On sait que les pollinisateurs, et en premier lieu les insectes, jouent un rôle incontournable dans la production végétale mais l'évaluation économique du service de pollinisation n'est pas chose facile. Le Commissariat général au développement durable (CGDD) a pourtant mené à bien l'exercice dans le cadre d'un premier volet de l'Evaluation française des écosystèmes et des services écosystémiques (Efese). Les résultats de cette évaluation ont été publiés le 21 novembre.
Cette analyse fait écho aux travaux internationaux réalisés par la plateforme intergouvernementale scientifique et politique sur la biodiversité et les services écosystémiques (IPBES) qui a publié un rapport d'évaluation sur les pollinisateurs en février 2016. La version française du résumé à l'intention des décideurs de ce rapport est rendue publique ce 22 novembre. L'évaluation menée par le CGDD vise également à appuyer le plan national d'action France Terre de pollinisateurs lancé en mai 2015.
12% de la valeur totale des productions végétales
"La part de la production végétale destinée à l'alimentation humaine que l'on peut attribuer à l'action des insectes pollinisateurs représente en France une valeur comprise entre 2,3 et 5,3 milliards d'euros (2010). Ainsi, c'est entre 5,2% et 12% de la valeur totale des productions végétales françaises destinées à l'alimentation humaine qui dépendent des pollinisateurs", conclut l'étude du CGDD.Il faut dire qu'en Europe, 84% des espèces cultivées dépendent directement des insectes pollinisateurs. Or, leurs populations sont menacées tant en quantité que dans leur diversité, du fait principalement des pratiques d'agriculture intensive, comme le montrent maintenant de nombreuses études scientifiques.

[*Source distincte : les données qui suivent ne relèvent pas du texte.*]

Lemma expect_Vrow (i : 'I_n) (f : Row m -> R) :
  expect R (fun w : Omega m => f (Vrow w i)) = \sum_(x : Row m) Vlaw i x * f x.
Proof.
have := expect_prod_Vrow (fun k x => if k == i then f x else 1).
rewrite (eq_bigr (fun k => if k == i then \sum_(x : Row m) Vlaw i x * f x else 1)).
  by rewrite prod_if_eq => <-; apply: eq_bigr => w _; rewrite prod_if_eq.
move=> k _; case: eqP => [-> // | _].
by under eq_bigr do rewrite mulr1; exact: sum_Vlaw.
Qed.

Lemma expect_Xrow (i : 'I_n) (f : Row m -> R) :
  expect R (fun w : Omega m => f (Xof w i)) = \sum_(x : Row m) unif_row R i.+1 x * f x.
Proof.
have := expect_prod_rows (fun k x _ => if k == i then f x else 1).
rewrite (eq_bigr (fun k => if k == i then \sum_(x : Row m) unif_row R i.+1 x * f x else 1)).
  by rewrite prod_if_eq => <-; apply: eq_bigr => w _; rewrite prod_if_eq.
move=> k _; rewrite (eq_bigr (fun x => unif_row R k.+1 x * (if k == i then f x else 1))).
  by case: eqP => [-> // | _]; under eq_bigr do rewrite mulr1; exact: sum_unif_row.
move=> x _; rewrite unif_rowE; case: eqP => [x_ones | _]; last by rewrite !mul0r.
by rewrite Vkernel_cst.
Qed.

Lemma eq_expect (f g : Omega m -> R) : f =1 g -> expect R f = expect R g.
Proof. by move=> fg; apply: eq_bigr => w _; rewrite fg. Qed.

Lemma expectD (f g : Omega m -> R) :
  expect R (fun w => f w + g w) = expect R f + expect R g.
Proof. by rewrite /expect -big_split; apply: eq_bigr => w _; rewrite mulrDr. Qed.

Lemma expectZ (a : R) (f : Omega m -> R) : expect R (fun w => a * f w) = a * expect R f.
Proof. by rewrite /expect mulr_sumr; apply: eq_bigr => w _; rewrite mulrCA. Qed.

Lemma expect_sum (I : finType) (F : I -> Omega m -> R) :
  expect R (fun w => \sum_i F i w) = \sum_i expect R (F i).
Proof. by rewrite /expect exchange_big; apply: eq_bigr => w _; rewrite mulr_sumr. Qed.

Lemma expect_cst (a : R) : expect R (fun _ : Omega m => a) = a.
Proof. by have := expect_Xrow ord0 (fun=> a); rewrite -big_distrl /= sum_unif_row // mul1r. Qed.

Lemma probE (E : pred (Omega m)) : prob R E = expect R (fun w => (E w)%:R).
Proof.
rewrite /prob /expect big_mkcond /=; apply: eq_bigr => w _.
by case: (E w); rewrite ?mulr1 ?mulr0.
Qed.

Lemma forall_natr (I : finType) (P : I -> bool) :
  ([forall i, P i] : nat)%:R = \prod_i (P i : nat)%:R :> R.
Proof.
case: (boolP [forall i, P i]) => [/forallP allP | /forallPn [i notP]].
  by rewrite big1 // => i _; rewrite allP.
by rewrite (bigD1 i) //= (negbTE notP) mul0r.
Qed.

Lemma prob_Vrow_all (A : 'I_n -> {set Row m}) :
  prob R (fun w => [forall i, Vrow w i \in A i]) = \prod_(i < n) prob R (fun w => Vrow w i \in A i).
Proof.
rewrite probE (eq_expect (g := fun w => \prod_i (Vrow w i \in A i : nat)%:R));
  last by move=> w; exact: forall_natr.
rewrite (expect_prod_Vrow (fun i x => (x \in A i : nat)%:R)).
by apply: eq_bigr => i _; rewrite probE (expect_Vrow i (fun x => (x \in A i : nat)%:R)).
Qed.

Lemma prob_Vrow_stage (i : 'I_n) (v : Row m) : (i == sm) || (i == sm1) ->
  prob R (fun w => Vrow w i == v) =
  2^-1 * prob R (fun w => Xof w sm == v) + 2^-1 * prob R (fun w => Xof w sm1 == v).
Proof.
move=> i_stage; rewrite !probE (expect_Vrow i (fun x => (x == v : nat)%:R)).
rewrite (expect_Xrow sm (fun x => (x == v : nat)%:R)) (expect_Xrow sm1 (fun x => (x == v : nat)%:R)).
by rewrite stage_mE stage_m1E sum_Vlaw_stage.
Qed.

(** * Parities of the columns *)

Lemma lam1_stages : lam n 1 m + lam n 1 m.+1 = 0 :> R.
Proof.
have nE : n%:R = 2 * m%:R + 1 :> R by rewrite /nb -addn1 -mul2n natrD natrM.
have n_neq0 : 2 * m%:R + 1 != 0 :> R by rewrite -nE pnatr_eq0.
rewrite /lam !big_ord_recr !big_ord0 /= !ffactn0 !ffactn1 ?bin0 ?binn invr1 -[m.+1%:R]natr1 nE.
by field.
Qed.

Definition lamV (b : nat) (i : 'I_n) : R :=
  if (i == sm) || (i == sm1) then 2^-1 * (lam n b m + lam n b m.+1) else lam n b i.+1.

Lemma Vlaw_lam b (F : Row m -> R) :
    (forall k, (k <= n)%N -> \sum_(x : Row m) unif_row R k x * F x = lam n b k) ->
  forall i, \sum_(x : Row m) Vlaw i x * F x = lamV b i.
Proof.
move=> unif_lam i; rewrite /lamV; case: ifP => [i_stage | i_other].
  by rewrite sum_Vlaw_stage // !unif_lam ?mulrDr // /nb; lia.
by under eq_bigr do rewrite /Vlaw i_other; rewrite unif_lam.
Qed.
Lemma P10_B10 m (u : 'M[C]_(m, 6)) : (u <= B10 R)%MS -> u *m P10 R = u.
Proof. by move=> u10; apply: proj_mx_id capmx_B10_B01 _; rewrite genmxE. Qed.
Lemma P01_B10 m (u : 'M[C]_(m, 6)) : (u <= B10 R)%MS -> u *m P01 R = 0.
Proof. by move=> u10; apply: proj_mx_0 capmx_B01_B10 _; rewrite genmxE. Qed.
Lemma P10_B01 m (u : 'M[C]_(m, 6)) : (u <= B01 R)%MS -> u *m P10 R = 0.
Proof. by move=> u01; apply: proj_mx_0 capmx_B10_B01 _; rewrite genmxE. Qed.
Lemma P01_B01 m (u : 'M[C]_(m, 6)) : (u <= B01 R)%MS -> u *m P01 R = u.
Proof. by move=> u01; apply: proj_mx_id capmx_B01_B10 _; rewrite genmxE. Qed.

Lemma row_free_B10 : row_free (B10 R).
Proof.
apply/row_freeP; exists ((2%:R)^-1 *: (B01 R)^T).
by rewrite -scalemxAr B10_mul_trB01 scale_scalar_mx mulVf // two_neq0.
Qed.

Lemma row_B10 i : row i (B10 R) = Defs.eta R i.
Proof. exact: rowK. Qed.

Lemma row_B01 i : row i (B01 R) = conjf (Defs.eta R i).
Proof. by rewrite -map_row row_B10. Qed.

Lemma om1_row_B10 : om1 R = row 0 (B10 R).
Proof. by rewrite row_B10. Qed.

Lemma om2_row_B01 : om2 R = row j1 (B01 R).
Proof. by rewrite row_B01 conjfK. Qed.

Lemma conj_om2_row_B10 : conjf (om2 R) = row j1 (B10 R).
Proof. by rewrite row_B10. Qed.

Lemma om1_sub : (om1 R <= B10 R)%MS.
Proof. by rewrite om1_row_B10 row_sub. Qed.
Lemma conj_om2_sub : (conjf (om2 R) <= B10 R)%MS.
Proof. by rewrite conj_om2_row_B10 row_sub. Qed.
Lemma conj_om1_sub : (conjf (om1 R) <= B01 R)%MS.
Proof. by rewrite map_submx om1_sub. Qed.

Lemma om3_ix5 : om3 R 0 ix5 = 1.
Proof. by rewrite mxDE mxZE !efE //= mulr0 addr0. Qed.

Lemma om3_ix6 : om3 R 0 ix6 = iC R.
Proof. by rewrite mxDE mxZE !efE //= mulr1 add0r. Qed.

Lemma mulmx_B10_ix5 m (u : 'M[C]_(m, 3)) k : (u *m B10 R) k ix5 = u k j2.
Proof.
rewrite mxE; under eq_bigr => j _ do rewrite B10E etaE.
rewrite !big_ord_recl big_ord0 /=.
by rewrite (_ : lift ord0 (lift ord0 ord0) = j2) //; [ring | apply: val_inj].
Qed.

Lemma mulmx_B10_ix6 m (u : 'M[C]_(m, 3)) k : (u *m B10 R) k ix6 = - (u k j2 * iC R).
Proof.
rewrite mxE; under eq_bigr => j _ do rewrite B10E etaE.
rewrite !big_ord_recl big_ord0 /=.
by rewrite (_ : lift ord0 (lift ord0 ord0) = j2) //; [ring | apply: val_inj].
Qed.

Lemma mulmx_B01_ix5 m (u : 'M[C]_(m, 3)) k : (u *m B01 R) k ix5 = u k j2.
Proof.
rewrite mxE; under eq_bigr => j _ do rewrite B01E conj_etaE.
rewrite !big_ord_recl big_ord0 /=.
by rewrite (_ : lift ord0 (lift ord0 ord0) = j2) //; [ring | apply: val_inj].
Qed.

Lemma mulmx_B01_ix6 m (u : 'M[C]_(m, 3)) k : (u *m B01 R) k ix6 = u k j2 * iC R.
Proof.
rewrite mxE; under eq_bigr => j _ do rewrite B01E conj_etaE.
rewrite !big_ord_recl big_ord0 /=.
by rewrite (_ : lift ord0 (lift ord0 ord0) = j2) //; [ring | apply: val_inj].
Qed.

Lemma d1_form10 (a : 'rV[C]_6) c :
  a 0 ix5 = c -> a 0 ix6 = c * iC R -> d1 a = wedge (c *: om1 R) (om2 R).
Proof.
by move=> a5 a6; rewrite d1_de a5 a6 -scalerA -scalerDr de_wedge ?iCiC // wedgeZl.
Qed.

Lemma d1_form01 (a : 'rV[C]_6) c :
  a 0 ix5 = c -> a 0 ix6 = - (c * iC R) ->
  d1 a = wedge (c *: conjf (om1 R)) (conjf (om2 R)).
Proof.
move=> a5 a6; rewrite d1_de a5 a6 -mulrN -scalerA -scalerDr de_wedge ?mulrNN ?iCiC //.
by rewrite wedgeZl /om1 /om2 !conjf_ef_iC.
Qed.

Lemma comp02_wedge u v : (u <= B10 R)%MS -> comp02 (wedge u v) = 0.
Proof. by move=> u10; rewrite /comp02 mulmx_wedge P01_B10 // trmx0 mul0mx linear0 subrr. Qed.

Lemma comp11_wedge u v :
  (u <= B01 R)%MS -> (v <= B10 R)%MS -> comp11 (wedge u v) = wedge u v.
Proof.
move=> u01 v10; rewrite /comp11.
move: (P10_B01 u01) (P01_B01 u01) (P10_B10 v10) (P01_B10 v10).
move: (P10 R) (P01 R) => P Q uP uQ vP vQ.
by rewrite !mulmx_wedge uP uQ vP vQ trmx0 !mul0mx !linear0 sub0r addr0 addrC.
Qed.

"La vulnérabilité des productions végétales vis-à-vis du déclin des populations d'insectes pollinisateurs dépend des espèces cultivées et donc varie très fortement d'un département à l'autre", expliquent les contributeurs de l'étude. Les départements les plus vulnérables sont ceux situés dans le sud de la France en raison de la proportion élevée de cultures de fruits et légumes très dépendants de la pollinisation. A titre d'exemple, la production de melons dépend à 90% des pollinisateurs alors que celle de céréales n'en dépend pas du tout.
D'autres valeurs non prises en compte
La valeur monétaire du service de pollinisation ainsi mesurée ne représente qu'une des valeurs associées à la pollinisation, avertissent toutefois les auteurs. En premier lieu, elle ne représente qu'une partie de la valeur marchande associée. Ne sont en effet pas prises en compte les cultures énergétiques, celles destinées à la production de fibres ou à l'alimentation animale, ni les productions des jardiniers amateurs, ni encore les productions importées qui rendent la France dépendante des pollinisateurs dans le reste du monde.
Ensuite, explique le CGDD, ne sont pas pris en compte les effets indirects de la consommation des productions végétales dépendantes de la pollinisation, comme par exemple une alimentation équilibrée contribuant à la santé humaine. Enfin, les auteurs rappellent que la pollinisation par les insectes sauvages est aussi "une fonction écologique majeure" qui permet "la reproduction du vivant, le maintien de nombreux écosystèmes, de la diversité génétique, spécifique et des paysages et, par voie de conséquence, la délivrance de très nombreux autres biens et services associés". Mais ceux-ci restent difficilement mesurables.